▶ ABOUT THIS EXERCISE
Search the records for the word "Require" and copy every line in which it occurs.

Dataset entries:

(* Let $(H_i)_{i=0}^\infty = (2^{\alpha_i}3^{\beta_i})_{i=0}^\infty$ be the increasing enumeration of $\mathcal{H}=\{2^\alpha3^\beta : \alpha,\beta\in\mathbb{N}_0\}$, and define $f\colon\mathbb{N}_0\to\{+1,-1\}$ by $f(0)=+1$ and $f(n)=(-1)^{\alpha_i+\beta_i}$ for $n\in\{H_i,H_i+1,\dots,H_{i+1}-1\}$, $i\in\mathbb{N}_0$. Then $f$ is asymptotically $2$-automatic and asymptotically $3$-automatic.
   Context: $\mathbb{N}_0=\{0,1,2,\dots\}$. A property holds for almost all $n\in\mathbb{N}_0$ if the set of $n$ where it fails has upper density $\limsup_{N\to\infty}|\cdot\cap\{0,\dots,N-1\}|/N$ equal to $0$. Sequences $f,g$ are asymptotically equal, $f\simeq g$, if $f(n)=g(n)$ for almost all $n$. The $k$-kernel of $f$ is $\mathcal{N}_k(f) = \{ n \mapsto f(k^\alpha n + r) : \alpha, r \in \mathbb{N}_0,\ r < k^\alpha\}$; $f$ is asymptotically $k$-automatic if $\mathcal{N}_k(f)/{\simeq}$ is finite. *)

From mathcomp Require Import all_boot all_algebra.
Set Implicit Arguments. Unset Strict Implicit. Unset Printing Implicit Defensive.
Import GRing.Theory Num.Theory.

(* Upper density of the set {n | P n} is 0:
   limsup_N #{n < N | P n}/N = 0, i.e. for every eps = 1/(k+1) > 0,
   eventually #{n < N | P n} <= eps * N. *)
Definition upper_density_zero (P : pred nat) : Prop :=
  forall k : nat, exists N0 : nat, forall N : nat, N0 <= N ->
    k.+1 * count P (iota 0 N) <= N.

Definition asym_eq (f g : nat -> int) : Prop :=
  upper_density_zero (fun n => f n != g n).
* * *
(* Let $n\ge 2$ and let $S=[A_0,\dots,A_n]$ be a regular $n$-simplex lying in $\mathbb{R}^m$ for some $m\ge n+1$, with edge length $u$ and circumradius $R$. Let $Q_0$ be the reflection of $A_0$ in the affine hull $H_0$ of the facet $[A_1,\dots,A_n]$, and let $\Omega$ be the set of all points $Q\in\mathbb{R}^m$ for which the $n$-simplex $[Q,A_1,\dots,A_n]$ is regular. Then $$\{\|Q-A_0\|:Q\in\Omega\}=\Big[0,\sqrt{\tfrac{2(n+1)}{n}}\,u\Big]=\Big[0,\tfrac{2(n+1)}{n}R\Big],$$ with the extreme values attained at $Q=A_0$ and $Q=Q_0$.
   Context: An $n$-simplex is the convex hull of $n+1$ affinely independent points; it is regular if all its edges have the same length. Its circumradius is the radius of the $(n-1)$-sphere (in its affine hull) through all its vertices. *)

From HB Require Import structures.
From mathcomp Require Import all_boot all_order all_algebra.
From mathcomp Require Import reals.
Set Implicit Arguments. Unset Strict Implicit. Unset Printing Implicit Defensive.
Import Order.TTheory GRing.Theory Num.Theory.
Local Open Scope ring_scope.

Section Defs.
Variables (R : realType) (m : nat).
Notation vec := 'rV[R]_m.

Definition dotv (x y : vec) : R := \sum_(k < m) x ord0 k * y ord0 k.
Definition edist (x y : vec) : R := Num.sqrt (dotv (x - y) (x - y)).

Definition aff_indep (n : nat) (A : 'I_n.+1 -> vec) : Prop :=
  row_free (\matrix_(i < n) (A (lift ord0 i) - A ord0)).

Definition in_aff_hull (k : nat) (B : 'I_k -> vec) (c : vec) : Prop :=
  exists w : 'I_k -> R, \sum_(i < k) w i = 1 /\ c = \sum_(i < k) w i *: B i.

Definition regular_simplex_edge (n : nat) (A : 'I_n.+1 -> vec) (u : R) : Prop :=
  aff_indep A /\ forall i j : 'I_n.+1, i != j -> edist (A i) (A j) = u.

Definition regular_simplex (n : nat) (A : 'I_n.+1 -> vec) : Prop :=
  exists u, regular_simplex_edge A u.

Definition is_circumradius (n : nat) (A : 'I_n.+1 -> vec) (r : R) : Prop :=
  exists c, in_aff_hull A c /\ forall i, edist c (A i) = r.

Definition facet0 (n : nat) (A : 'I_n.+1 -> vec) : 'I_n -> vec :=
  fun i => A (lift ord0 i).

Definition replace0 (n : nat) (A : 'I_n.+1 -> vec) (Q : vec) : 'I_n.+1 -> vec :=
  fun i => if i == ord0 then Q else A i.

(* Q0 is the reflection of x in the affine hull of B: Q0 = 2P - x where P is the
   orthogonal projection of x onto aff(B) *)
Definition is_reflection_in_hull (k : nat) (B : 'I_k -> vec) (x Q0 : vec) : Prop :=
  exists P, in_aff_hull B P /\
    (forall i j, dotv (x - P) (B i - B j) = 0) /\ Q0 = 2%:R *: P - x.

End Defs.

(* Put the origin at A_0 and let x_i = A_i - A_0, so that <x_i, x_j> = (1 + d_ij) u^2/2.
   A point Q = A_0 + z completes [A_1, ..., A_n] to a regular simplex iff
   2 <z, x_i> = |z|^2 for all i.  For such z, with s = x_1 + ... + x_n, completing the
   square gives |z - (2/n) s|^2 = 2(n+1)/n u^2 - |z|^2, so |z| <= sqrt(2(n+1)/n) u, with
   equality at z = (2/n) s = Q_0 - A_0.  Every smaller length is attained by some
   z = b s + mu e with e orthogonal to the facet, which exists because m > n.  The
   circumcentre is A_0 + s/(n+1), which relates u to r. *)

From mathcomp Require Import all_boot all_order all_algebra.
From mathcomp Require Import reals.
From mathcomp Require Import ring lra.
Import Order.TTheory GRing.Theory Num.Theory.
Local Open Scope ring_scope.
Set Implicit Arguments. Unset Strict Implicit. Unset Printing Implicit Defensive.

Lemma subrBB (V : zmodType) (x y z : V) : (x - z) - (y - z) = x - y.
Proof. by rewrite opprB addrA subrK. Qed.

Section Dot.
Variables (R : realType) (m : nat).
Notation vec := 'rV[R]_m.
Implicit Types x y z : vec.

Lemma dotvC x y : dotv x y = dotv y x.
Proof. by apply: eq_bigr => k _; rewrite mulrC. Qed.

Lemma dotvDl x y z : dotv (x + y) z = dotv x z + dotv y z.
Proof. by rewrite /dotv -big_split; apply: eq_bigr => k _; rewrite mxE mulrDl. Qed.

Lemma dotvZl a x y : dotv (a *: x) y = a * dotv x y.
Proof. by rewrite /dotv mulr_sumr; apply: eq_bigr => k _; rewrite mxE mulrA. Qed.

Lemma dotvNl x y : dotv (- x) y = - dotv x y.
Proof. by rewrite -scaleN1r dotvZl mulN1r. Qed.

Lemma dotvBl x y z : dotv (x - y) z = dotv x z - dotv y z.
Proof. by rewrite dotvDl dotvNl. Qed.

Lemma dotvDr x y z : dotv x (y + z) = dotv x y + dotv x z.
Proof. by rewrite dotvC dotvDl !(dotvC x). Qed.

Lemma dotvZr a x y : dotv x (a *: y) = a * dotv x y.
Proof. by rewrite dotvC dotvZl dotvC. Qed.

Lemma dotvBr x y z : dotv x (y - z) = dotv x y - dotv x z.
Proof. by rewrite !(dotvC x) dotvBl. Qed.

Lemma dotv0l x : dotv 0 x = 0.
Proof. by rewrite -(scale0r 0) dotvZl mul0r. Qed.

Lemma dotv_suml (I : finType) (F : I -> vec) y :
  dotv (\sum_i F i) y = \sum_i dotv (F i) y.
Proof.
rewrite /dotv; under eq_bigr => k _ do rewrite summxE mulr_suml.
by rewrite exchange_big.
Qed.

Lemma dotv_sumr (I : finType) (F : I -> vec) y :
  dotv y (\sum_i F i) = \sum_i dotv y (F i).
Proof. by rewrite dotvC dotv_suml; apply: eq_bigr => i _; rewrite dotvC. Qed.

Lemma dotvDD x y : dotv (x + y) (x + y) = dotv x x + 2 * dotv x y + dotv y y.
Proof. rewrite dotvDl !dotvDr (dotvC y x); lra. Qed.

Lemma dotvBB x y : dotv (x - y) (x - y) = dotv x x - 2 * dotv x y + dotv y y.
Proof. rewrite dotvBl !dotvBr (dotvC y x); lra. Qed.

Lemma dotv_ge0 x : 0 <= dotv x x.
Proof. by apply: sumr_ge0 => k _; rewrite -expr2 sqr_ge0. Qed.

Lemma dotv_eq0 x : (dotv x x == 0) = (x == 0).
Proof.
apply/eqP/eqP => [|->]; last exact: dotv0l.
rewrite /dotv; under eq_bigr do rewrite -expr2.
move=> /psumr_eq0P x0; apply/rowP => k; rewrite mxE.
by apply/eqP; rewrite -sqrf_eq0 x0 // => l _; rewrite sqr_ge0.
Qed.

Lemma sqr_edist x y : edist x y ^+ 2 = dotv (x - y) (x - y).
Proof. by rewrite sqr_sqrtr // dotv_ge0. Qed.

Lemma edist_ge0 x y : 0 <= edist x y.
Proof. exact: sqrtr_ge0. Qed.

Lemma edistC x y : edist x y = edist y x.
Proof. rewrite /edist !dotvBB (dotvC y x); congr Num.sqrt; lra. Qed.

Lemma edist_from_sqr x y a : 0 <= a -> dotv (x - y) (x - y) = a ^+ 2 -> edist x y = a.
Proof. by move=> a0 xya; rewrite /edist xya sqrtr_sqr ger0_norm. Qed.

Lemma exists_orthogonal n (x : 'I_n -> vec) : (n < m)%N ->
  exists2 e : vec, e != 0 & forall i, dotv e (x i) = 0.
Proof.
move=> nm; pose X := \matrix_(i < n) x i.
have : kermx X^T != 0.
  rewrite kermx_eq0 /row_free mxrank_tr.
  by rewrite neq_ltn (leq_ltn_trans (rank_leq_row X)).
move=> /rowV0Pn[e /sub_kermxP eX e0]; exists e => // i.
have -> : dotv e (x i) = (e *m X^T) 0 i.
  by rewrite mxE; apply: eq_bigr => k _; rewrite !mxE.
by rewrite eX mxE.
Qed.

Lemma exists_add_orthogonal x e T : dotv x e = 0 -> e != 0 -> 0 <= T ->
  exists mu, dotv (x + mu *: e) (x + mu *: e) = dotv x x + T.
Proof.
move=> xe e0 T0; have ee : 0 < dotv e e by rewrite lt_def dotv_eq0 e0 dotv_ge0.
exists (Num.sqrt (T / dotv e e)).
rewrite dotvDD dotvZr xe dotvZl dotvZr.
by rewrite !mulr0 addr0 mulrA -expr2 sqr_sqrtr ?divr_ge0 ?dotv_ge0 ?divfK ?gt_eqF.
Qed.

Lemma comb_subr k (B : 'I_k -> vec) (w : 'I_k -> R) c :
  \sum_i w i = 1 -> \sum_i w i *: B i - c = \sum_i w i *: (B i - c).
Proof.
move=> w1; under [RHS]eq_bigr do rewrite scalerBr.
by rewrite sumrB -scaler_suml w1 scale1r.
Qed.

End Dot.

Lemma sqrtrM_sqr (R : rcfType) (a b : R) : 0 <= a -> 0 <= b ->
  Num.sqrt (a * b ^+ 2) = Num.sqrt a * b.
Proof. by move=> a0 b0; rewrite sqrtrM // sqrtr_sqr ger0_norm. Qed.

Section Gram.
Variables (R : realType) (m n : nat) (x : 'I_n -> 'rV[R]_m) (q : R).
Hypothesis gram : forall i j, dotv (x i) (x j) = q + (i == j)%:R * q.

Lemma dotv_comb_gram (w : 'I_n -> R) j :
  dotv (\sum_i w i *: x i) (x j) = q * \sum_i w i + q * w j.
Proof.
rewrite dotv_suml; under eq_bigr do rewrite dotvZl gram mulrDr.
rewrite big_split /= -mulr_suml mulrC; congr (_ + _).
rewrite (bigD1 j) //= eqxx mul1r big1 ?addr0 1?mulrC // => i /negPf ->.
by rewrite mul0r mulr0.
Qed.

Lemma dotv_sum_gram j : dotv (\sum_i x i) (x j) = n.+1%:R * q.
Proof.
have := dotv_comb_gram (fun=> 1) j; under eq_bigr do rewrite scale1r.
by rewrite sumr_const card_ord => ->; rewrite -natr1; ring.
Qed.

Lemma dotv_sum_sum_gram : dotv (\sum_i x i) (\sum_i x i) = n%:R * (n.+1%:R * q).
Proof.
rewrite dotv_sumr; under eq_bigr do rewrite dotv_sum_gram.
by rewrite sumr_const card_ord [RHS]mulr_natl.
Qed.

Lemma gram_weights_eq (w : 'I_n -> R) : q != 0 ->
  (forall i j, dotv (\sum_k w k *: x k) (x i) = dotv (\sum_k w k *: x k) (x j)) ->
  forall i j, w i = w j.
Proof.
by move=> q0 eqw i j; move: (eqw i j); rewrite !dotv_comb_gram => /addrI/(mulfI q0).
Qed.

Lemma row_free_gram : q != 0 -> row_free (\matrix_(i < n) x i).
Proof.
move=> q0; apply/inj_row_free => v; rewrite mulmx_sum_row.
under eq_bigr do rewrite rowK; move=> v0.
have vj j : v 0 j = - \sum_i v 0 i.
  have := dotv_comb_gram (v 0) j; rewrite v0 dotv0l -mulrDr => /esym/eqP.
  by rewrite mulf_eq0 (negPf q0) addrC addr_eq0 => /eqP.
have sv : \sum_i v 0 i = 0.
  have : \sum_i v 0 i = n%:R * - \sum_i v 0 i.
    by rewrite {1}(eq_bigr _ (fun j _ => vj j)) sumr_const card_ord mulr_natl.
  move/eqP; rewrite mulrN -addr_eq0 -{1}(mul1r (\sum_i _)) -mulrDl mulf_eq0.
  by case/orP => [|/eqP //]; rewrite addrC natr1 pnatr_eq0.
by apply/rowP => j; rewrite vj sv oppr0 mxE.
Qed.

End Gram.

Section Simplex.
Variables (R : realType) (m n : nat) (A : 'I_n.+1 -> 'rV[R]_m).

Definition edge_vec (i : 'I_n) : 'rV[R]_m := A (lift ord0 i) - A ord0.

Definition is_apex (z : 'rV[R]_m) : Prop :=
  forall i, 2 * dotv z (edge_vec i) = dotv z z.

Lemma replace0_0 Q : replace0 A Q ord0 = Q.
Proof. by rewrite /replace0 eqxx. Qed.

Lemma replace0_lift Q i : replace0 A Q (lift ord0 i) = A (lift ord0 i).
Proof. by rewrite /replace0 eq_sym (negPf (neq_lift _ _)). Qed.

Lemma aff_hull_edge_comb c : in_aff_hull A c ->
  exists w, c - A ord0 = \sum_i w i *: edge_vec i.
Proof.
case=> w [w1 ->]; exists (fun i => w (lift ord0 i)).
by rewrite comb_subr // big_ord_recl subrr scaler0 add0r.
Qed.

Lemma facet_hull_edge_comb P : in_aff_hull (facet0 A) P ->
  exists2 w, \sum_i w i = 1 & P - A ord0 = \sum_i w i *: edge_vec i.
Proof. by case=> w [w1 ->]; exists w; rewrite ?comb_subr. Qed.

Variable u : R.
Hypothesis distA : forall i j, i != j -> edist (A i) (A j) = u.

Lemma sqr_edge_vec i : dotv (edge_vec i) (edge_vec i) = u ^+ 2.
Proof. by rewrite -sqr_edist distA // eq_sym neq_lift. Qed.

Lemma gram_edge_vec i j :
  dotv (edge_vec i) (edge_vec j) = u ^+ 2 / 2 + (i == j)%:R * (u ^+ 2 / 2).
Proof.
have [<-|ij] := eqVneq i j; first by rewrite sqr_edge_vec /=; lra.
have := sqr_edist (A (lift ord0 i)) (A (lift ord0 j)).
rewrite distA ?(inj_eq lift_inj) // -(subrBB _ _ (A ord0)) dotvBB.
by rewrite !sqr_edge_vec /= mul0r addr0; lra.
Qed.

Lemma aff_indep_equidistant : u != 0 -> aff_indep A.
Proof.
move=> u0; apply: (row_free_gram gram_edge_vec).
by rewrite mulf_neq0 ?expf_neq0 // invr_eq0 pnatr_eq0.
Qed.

▶ PROBLEM SOLUTION
From mathcomp Require Import all_boot all_algebra.
From HB Require Import structures.
From mathcomp Require Import all_boot all_order all_algebra.
From mathcomp Require Import reals.
From mathcomp Require Import all_boot all_order all_algebra.
From mathcomp Require Import reals.
From mathcomp Require Import ring lra.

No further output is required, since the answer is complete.